(DATA SUPPLIED Opens)

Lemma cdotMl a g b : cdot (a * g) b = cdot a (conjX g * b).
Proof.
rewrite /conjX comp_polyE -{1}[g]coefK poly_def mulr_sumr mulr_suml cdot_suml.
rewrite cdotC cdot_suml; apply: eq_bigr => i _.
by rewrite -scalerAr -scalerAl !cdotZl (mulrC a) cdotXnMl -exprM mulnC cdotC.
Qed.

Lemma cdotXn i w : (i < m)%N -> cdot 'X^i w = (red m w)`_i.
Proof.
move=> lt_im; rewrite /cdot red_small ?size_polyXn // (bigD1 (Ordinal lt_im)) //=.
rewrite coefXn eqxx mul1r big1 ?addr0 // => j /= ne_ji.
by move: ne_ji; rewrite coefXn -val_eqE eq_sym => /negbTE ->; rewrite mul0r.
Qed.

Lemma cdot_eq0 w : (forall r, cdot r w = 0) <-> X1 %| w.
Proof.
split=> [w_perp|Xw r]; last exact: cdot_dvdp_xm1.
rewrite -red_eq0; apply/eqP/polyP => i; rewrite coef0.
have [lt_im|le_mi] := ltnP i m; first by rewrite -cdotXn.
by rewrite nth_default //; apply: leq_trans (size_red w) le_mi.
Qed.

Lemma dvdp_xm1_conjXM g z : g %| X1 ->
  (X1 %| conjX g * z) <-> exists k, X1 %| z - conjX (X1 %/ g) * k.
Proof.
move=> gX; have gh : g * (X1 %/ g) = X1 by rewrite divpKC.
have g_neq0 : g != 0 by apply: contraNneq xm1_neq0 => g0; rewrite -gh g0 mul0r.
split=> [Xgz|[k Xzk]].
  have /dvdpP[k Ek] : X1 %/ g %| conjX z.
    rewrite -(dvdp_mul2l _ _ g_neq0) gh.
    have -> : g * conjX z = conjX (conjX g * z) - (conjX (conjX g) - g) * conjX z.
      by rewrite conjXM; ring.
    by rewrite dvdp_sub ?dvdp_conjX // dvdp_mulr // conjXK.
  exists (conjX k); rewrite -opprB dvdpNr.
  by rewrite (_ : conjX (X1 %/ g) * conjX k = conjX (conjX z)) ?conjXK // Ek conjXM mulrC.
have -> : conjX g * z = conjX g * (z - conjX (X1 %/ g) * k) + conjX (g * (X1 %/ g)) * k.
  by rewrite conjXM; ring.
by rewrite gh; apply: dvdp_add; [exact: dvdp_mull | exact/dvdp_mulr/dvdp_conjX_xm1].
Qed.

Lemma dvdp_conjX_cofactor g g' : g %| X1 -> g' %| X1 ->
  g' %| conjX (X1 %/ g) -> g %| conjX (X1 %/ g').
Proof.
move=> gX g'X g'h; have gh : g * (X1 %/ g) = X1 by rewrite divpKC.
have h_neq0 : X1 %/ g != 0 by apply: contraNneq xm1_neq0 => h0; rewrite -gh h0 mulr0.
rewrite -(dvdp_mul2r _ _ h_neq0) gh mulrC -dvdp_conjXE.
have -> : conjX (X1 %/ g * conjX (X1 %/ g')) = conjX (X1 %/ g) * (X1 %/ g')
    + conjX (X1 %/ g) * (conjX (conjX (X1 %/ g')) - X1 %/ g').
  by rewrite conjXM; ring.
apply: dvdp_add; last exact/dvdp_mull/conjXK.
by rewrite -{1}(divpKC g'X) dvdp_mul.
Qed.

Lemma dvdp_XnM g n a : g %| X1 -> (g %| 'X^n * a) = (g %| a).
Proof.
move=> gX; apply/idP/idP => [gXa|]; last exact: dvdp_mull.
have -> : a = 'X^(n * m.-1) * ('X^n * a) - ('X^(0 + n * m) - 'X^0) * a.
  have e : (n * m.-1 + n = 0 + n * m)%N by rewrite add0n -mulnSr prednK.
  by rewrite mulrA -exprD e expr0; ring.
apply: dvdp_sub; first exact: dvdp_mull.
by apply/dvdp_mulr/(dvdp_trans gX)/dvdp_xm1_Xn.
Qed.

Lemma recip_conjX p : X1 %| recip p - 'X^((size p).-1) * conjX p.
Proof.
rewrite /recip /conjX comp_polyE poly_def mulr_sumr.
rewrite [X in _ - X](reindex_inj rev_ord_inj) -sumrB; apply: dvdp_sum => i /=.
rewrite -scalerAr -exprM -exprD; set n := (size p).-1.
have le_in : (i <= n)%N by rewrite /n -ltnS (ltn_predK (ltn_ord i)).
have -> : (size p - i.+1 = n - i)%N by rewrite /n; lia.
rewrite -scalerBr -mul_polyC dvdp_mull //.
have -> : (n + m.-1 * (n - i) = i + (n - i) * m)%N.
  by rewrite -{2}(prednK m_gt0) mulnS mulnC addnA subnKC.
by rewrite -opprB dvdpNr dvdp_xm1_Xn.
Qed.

(DATA SUPPLIED Closes)

REQUIRED ACTION: Every line above with the string "last" in it needs to be copied.

ANSWER SECTION:
split=> [w_perp|Xw r]; last exact: cdot_dvdp_xm1.
apply: dvdp_add; last exact/dvdp_mull/conjXK.
move=> gX; apply/idP/idP => [gXa|]; last exact: dvdp_mull.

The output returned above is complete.